• HOW TO COMPLETE THIS TASK: Below are records; repeat them all exactly.

• EXTRACTED DATA:
----------

Lemma eq_from_nth_size (T : Type) (s1 s2 : seq T) : size s1 = size s2 ->
  (forall x0 i, i < size s1 -> nth x0 s1 i = nth x0 s2 i) -> s1 = s2.
Proof.
case: s1 => [|x s1] Hs H; first by move: Hs H; case: s2.
by apply: (eq_from_nth (x0:=x)) => // i; apply: H.
Qed.

Lemma nth_outside_eqP (w w0 : word n) a b L : size w = L -> size w0 = L -> a <= b <= L ->
  (forall x0 j, j < L -> ~~ (a <= j < b) -> nth x0 w j = nth x0 w0 j) <->
  (take a w = take a w0 /\ drop b w = drop b w0).
Proof.
move=> Hw Hw0 /andP [Hab HbL]; split.
  move=> H; split.
    apply: eq_from_nth_size => [|x0 i]; first by rewrite !size_take_min Hw Hw0.
    rewrite size_take_min Hw => Hi; rewrite !nth_take; try lia.
    by apply: H; rewrite ?negb_and -?ltnNge; lia.
  apply: eq_from_nth_size => [|x0 i]; first by rewrite !size_drop Hw Hw0.
  rewrite size_drop Hw => Hi; rewrite !nth_drop.
  by apply: H; rewrite ?negb_and -?ltnNge; lia.
move=> [Ht Hd] x0 j Hj Hr.
case: (ltnP j a) => H1.
  by rewrite -(nth_take x0 H1) Ht nth_take.
have H2 : b <= j by move: Hr; rewrite negb_and H1 /= -leqNgt.
rewrite -(subnKC H2) -!nth_drop Hd //.
Qed.
(* Let $k$ be a field and $d$ a positive integer such that the characteristic of $k$ does not divide $d$ (i.e. $d\cdot 1_k\neq 0$). Then $R_1^{(d)}$ is a (two-sided) ideal of $k_0\langle X\rangle$; in particular $R_1^{(d)}=R_2^{(d)}$.
   Context: Let $X=\{x_1,x_2,\ldots\}$ be a countably infinite set and let $k_0\langle X\rangle$ denote the free associative $k$-algebra (without identity) on $X$. A $T$-space of $k_0\langle X\rangle$ is a $k$-linear subspace closed under every algebra endomorphism of $k_0\langle X\rangle$; the $T$-space generated by a subset is the smallest $T$-space containing it. For $v_1,\ldots,v_d\in k_0\langle X\rangle$, let $S_d(v_1,\ldots,v_d)=\sum_{\sigma\in\Sigma_d}\prod_{i=1}^d v_{\sigma(i)}$, where $\Sigma_d$ is the symmetric group on $d$ letters; write $S_d(x)=S_d(x_1,\ldots,x_d)$. Let $R_1^{(d)}$ be the $T$-space generated by $S_d(x)$, and let $R_2^{(d)}$ be the $T$-space generated by $R_1^{(d)}$ together with all products $u\,S_d(v_1,\ldots,v_d)$ with $u\in R_1^{(d)}$, $v_i\in k_0\langle X\rangle$. *)

From mathcomp Require Import all_boot all_order all_algebra all_fingroup.
Set Implicit Arguments. Unset Strict Implicit. Unset Printing Implicit Defensive.
Import GRing.Theory.
Local Open Scope ring_scope.

(* Words over the alphabet X = {x_0, x_1, ...} (x_i is indexed by i : nat;
   x_{i+1} of the paper is x_i here). *)
Definition word := seq nat.

Section FreeAlg.
Variable k : fieldType.

(* Ambient space: all k-valued functions on words (formal noncommutative power
   series).  The free algebra without identity k_0<X> is the subset [kpoly]. *)
Definition kser := word -> k.

Definition kzero : kser := fun _ => 0.
Definition kadd (f g : kser) : kser := fun w => f w + g w.
Definition kscale (c : k) (f : kser) : kser := fun w => c * f w.
Definition kmul (f g : kser) : kser :=
  fun w => \sum_(i < (size w).+1) f (take i w) * g (drop i w).
(* unit of k<X> (only used to write products of lists; not in k_0<X>) *)
Definition kone : kser := fun w => (w == [::])%:R.
Definition kvar (i : nat) : kser := fun w => (w == [:: i])%:R.

Definition kpoly (f : kser) : Prop :=
  f [::] = 0 /\ exists s : seq word, forall w, f w != 0 -> w \in s.

(* algebra endomorphisms of k_0<X> (maps on kpoly; values outside kpoly irrelevant) *)
Definition alg_endo (phi : kser -> kser) : Prop :=
  (forall f, kpoly f -> kpoly (phi f)) /\
  (forall f g, kpoly f -> kpoly g -> phi (kadd f g) = kadd (phi f) (phi g)) /\
  (forall c f, kpoly f -> phi (kscale c f) = kscale c (phi f)) /\
  (forall f g, kpoly f -> kpoly g -> phi (kmul f g) = kmul (phi f) (phi g)).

----------

• RESPONSE FOR THIS EXERCISE:
Lemma eq_from_nth_size (T : Type) (s1 s2 : seq T) : size s1 = size s2 ->
  (forall x0 i, i < size s1 -> nth x0 s1 i = nth x0 s2 i) -> s1 = s2.
Proof.
case: s1 => [|x s1] Hs H; first by move: Hs H; case: s2.
by apply: (eq_from_nth (x0:=x)) => // i; apply: H.
Qed.

Lemma nth_outside_eqP (w w0 : word n) a b L : size w = L -> size w0 = L -> a <= b <= L ->
  (forall x0 j, j < L -> ~~ (a <= j < b) -> nth x0 w j = nth x0 w0 j) <->
  (take a w = take a w0 /\ drop b w = drop b w0).
Proof.
move=> Hw Hw0 /andP [Hab HbL]; split.
  move=> H; split.
    apply: eq_from_nth_size => [|x0 i]; first by rewrite !size_take_min Hw Hw0.
    rewrite size_take_min Hw => Hi; rewrite !nth_take; try lia.
    by apply: H; rewrite ?negb_and -?ltnNge; lia.
  apply: eq_from_nth_size => [|x0 i]; first by rewrite !size_drop Hw Hw0.
  rewrite size_drop Hw => Hi; rewrite !nth_drop.
  by apply: H; rewrite ?negb_and -?ltnNge; lia.
move=> [Ht Hd] x0 j Hj Hr.
case: (ltnP j a) => H1.
  by rewrite -(nth_take x0 H1) Ht nth_take.
have H2 : b <= j by move: Hr; rewrite negb_and H1 /= -leqNgt.
rewrite -(subnKC H2) -!nth_drop Hd //.
Qed.
(* Let $k$ be a field and $d$ a positive integer such that the characteristic of $k$ does not divide $d$ (i.e. $d\cdot 1_k\neq 0$). Then $R_1^{(d)}$ is a (two-sided) ideal of $k_0\langle X\rangle$; in particular $R_1^{(d)}=R_2^{(d)}$.
   Context: Let $X=\{x_1,x_2,\ldots\}$ be a countably infinite set and let $k_0\langle X\rangle$ denote the free associative $k$-algebra (without identity) on $X$. A $T$-space of $k_0\langle X\rangle$ is a $k$-linear subspace closed under every algebra endomorphism of $k_0\langle X\rangle$; the $T$-space generated by a subset is the smallest $T$-space containing it. For $v_1,\ldots,v_d\in k_0\langle X\rangle$, let $S_d(v_1,\ldots,v_d)=\sum_{\sigma\in\Sigma_d}\prod_{i=1}^d v_{\sigma(i)}$, where $\Sigma_d$ is the symmetric group on $d$ letters; write $S_d(x)=S_d(x_1,\ldots,x_d)$. Let $R_1^{(d)}$ be the $T$-space generated by $S_d(x)$, and let $R_2^{(d)}$ be the $T$-space generated by $R_1^{(d)}$ together with all products $u\,S_d(v_1,\ldots,v_d)$ with $u\in R_1^{(d)}$, $v_i\in k_0\langle X\rangle$. *)

From mathcomp Require Import all_boot all_order all_algebra all_fingroup.
Set Implicit Arguments. Unset Strict Implicit. Unset Printing Implicit Defensive.
Import GRing.Theory.
Local Open Scope ring_scope.

(* Words over the alphabet X = {x_0, x_1, ...} (x_i is indexed by i : nat;
   x_{i+1} of the paper is x_i here). *)
Definition word := seq nat.

Section FreeAlg.
Variable k : fieldType.

(* Ambient space: all k-valued functions on words (formal noncommutative power
   series).  The free algebra without identity k_0<X> is the subset [kpoly]. *)
Definition kser := word -> k.

Definition kzero : kser := fun _ => 0.
Definition kadd (f g : kser) : kser := fun w => f w + g w.
Definition kscale (c : k) (f : kser) : kser := fun w => c * f w.
Definition kmul (f g : kser) : kser :=
  fun w => \sum_(i < (size w).+1) f (take i w) * g (drop i w).
(* unit of k<X> (only used to write products of lists; not in k_0<X>) *)
Definition kone : kser := fun w => (w == [::])%:R.
Definition kvar (i : nat) : kser := fun w => (w == [:: i])%:R.

Definition kpoly (f : kser) : Prop :=
  f [::] = 0 /\ exists s : seq word, forall w, f w != 0 -> w \in s.

(* algebra endomorphisms of k_0<X> (maps on kpoly; values outside kpoly irrelevant) *)
Definition alg_endo (phi : kser -> kser) : Prop :=
  (forall f, kpoly f -> kpoly (phi f)) /\
  (forall f g, kpoly f -> kpoly g -> phi (kadd f g) = kadd (phi f) (phi g)) /\
  (forall c f, kpoly f -> phi (kscale c f) = kscale c (phi f)) /\
  (forall f g, kpoly f -> kpoly g -> phi (kmul f g) = kmul (phi f) (phi g)).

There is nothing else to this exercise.